We encourage inquiries concerning this funding opportunity and welcome the opportunity to answer questions from potential applicants.

eRA Service Desk (Questions regarding ASSIST, eRA Commons, application errors and warnings, documenting system problems that threaten submission by the due date, and post-submission issues)

Finding Help Online: http://grants.nih.gov/support/ (preferred method of contact)
Telephone: 301-402-7469 or 866-504-9552 (Toll Free)

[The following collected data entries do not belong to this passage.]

Lemma set2_inj (w : T) : injective (fun u => [set w; u]).
Proof.
move=> u1 u2 /= e; have : u2 \in [set w; u1] by rewrite e !inE eqxx orbT.
have : u1 \in [set w; u2] by rewrite -e !inE eqxx orbT.
by rewrite !inE => /orP[]/eqP-> /orP[]/eqP.
Qed.

Lemma nbhd_sub V E w : nbhd V E w \subset V.
Proof. by apply/subsetP=> u; rewrite inE => /andP[]. Qed.

Lemma nbhd_neq V E w u : simple_graph V E -> u \in nbhd V E w -> w != u.
Proof. by move=> sg; rewrite inE => /andP[_ /sg[_]]; rewrite cards2; case: (w != u). Qed.

Lemma nbhd_subsetD2 V E w w' : simple_graph V E -> [set w; w'] \notin E ->
  nbhd V E w \subset V :\: [set w; w'].
Proof.
move=> sg ww'; apply/subsetP=> u uN; have := uN; rewrite inE => /andP[uV wu].
rewrite !inE uV andbT negb_or eq_sym (nbhd_neq sg uN).
by apply: contraNneq ww' => <-.
Qed.

Lemma card_edges_withinU1 V E w U : simple_graph V E -> w \notin U ->
  #|edges_within E (w |: U)| = #|edges_within E U| + #|nbhd V E w :&: U|.
Proof.
move=> sg wU; pose S := [set [set w; u] | u in nbhd V E w :&: U].
have cardS : #|S| = #|nbhd V E w :&: U| by apply/card_imset/set2_inj.
have dis : edges_within E U :&: S = set0.
  apply/setP=> f; rewrite !inE; apply/negbTE/andP=> [[/andP[_ fU] /imsetP[u _ fwu]]].
  by move: fU; rewrite fwu subUset sub1set (negbTE wU).
suff -> : edges_within E (w |: U) = edges_within E U :|: S.
  by rewrite cardsU dis cards0 subn0 cardS.
apply/setP=> f; rewrite in_setU !inE.
apply/idP/idP=> [/andP[fE fwU]|/orP[/andP[fE fU]|/imsetP[u]]].
- case wf: (w \in f); last first.
    apply/orP; left; rewrite fE; apply/subsetP=> z zf.
    by move/subsetP: fwU => /(_ z zf); rewrite in_setU1; case: eqP wf zf => // ->->.
  have [fV /eqP/cards2P[p [q [pq fpq]]]] := sg f fE.
  have [u [fwu wu]] : exists u, f = [set w; u] /\ w != u.
    move: wf; rewrite fpq !inE => /orP[]/eqP ->; first by exists q.
    by exists p; rewrite set2C eq_sym.
  apply/orP; right; apply/imsetP; exists u => //.
  have uf : u \in f by rewrite fwu !inE eqxx orbT.
  rewrite !inE (subsetP fV u uf) -fwu fE /=.
  by move/subsetP: fwU => /(_ u uf); rewrite in_setU1 eq_sym (negbTE wu).
- by rewrite fE (subset_trans fU) ?subsetU1.
- rewrite !inE => /andP[/andP[_ ewu] uU] ->; rewrite ewu subUset !sub1set.
  by rewrite in_setU1 eqxx in_setU1 uU orbT.
Qed.

Lemma card_edges_within_nbhd V E w U : simple_graph V E -> sparse22 V E ->
  U \subset V -> w \in V -> w \notin U ->
  #|edges_within E U| + #|nbhd V E w :&: U| <= 2 * #|U|.
Proof.
move=> sg sp sUV wV wU; rewrite -(card_edges_withinU1 sg wU).
have wU0 : w |: U != set0 by apply/set0Pn; exists w; rewrite setU11.
have := sparse22_edges_within sp _ wU0; rewrite cardsU1 wU.
by rewrite subUset sub1set wV sUV => /(_ isT); lia.
Qed.

Lemma card_edges_within_nbhd2 V E w1 w2 U : simple_graph V E -> sparse22 V E ->
  U \subset V -> w1 \in V -> w2 \in V -> w1 != w2 -> w1 \notin U -> w2 \notin U ->
  #|edges_within E U| + #|nbhd V E w1 :&: U| + #|nbhd V E w2 :&: U| <= 2 * #|U| + 2.
Proof.
move=> sg sp sUV w1V w2V w12 w1U w2U.
have w1U' : w1 \notin w2 |: U by rewrite in_setU1 (negbTE w12).
have := card_edges_within_nbhd sg sp _ w1V w1U'.
rewrite subUset sub1set w2V sUV (card_edges_withinU1 sg w2U) cardsU1 w2U => /(_ isT).
have : #|nbhd V E w1 :&: U| <= #|nbhd V E w1 :&: (w2 |: U)|.
  by rewrite subset_leq_card // setIS // subsetUr.
lia.
Qed.

Lemma card_edges_withinU_cross V E A B f : simple_graph V E -> A :&: B = set0 ->
  f \in E -> f \subset A :|: B -> ~~ (f \subset A) -> ~~ (f \subset B) ->
  #|edges_within E A| + #|edges_within E B| < #|edges_within E (A :|: B)|.
Proof.
move=> sg AB0 fE fAB fA fB.
have dis : edges_within E A :&: edges_within E B = set0.
  by rewrite edges_withinI AB0 (edges_within0 sg).
have fnAB : f \notin edges_within E A :|: edges_within E B by rewrite !inE fE negb_or fA.
have sub : f |: (edges_within E A :|: edges_within E B) \subset edges_within E (A :|: B).
  by rewrite subUset sub1set inE fE fAB edges_withinU.
by move: (subset_leq_card sub); rewrite cardsU1 fnAB cardsU dis cards0 subn0.
Qed.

General Grants Information (Questions regarding application instructions, application processes, and NIH grant resources)
Email: GrantsInfo@nih.gov (preferred method of contact)
Telephone: 301-945-7573

Grants.gov Customer Support (Questions regarding Grants.gov registration and Workspace)
Contact Center Telephone: 800-518-4726
Email: support@grants.gov

Andrea DiCarlo-Cohen, PhD
National Institute of Allergy and Infectious Diseases (NIAID)
Telephone: 240-627-3492
Email: cohena@niaid.nih.gov

Julio Aliberti, PhD
National Institute of Allergy and Infectious Diseases (NIAID)
Telephone: 301-761-7322
Email: julio.aliberti@nih.gov

Trevor Alford
National Institute of Allergy and Infectious Diseases (NIAID)
Telephone: 240-747-7398
Email: Trevor.alford@nih.gov

Recently issued trans-NIH policy notices may affect your application submission. A full list of policy notices published by NIH is provided in the NIH Guide for Grants and Contracts. All awards are subject to the terms and conditions, cost principles, and other considerations described in the NIH Grants Policy Statement.

Awards are made under the authorization of Sections 301 and 405 of the Public Health Service Act as amended (42 USC 241 and 284) and under Federal Regulations 42 CFR Part 52 and 45 CFR Part 75.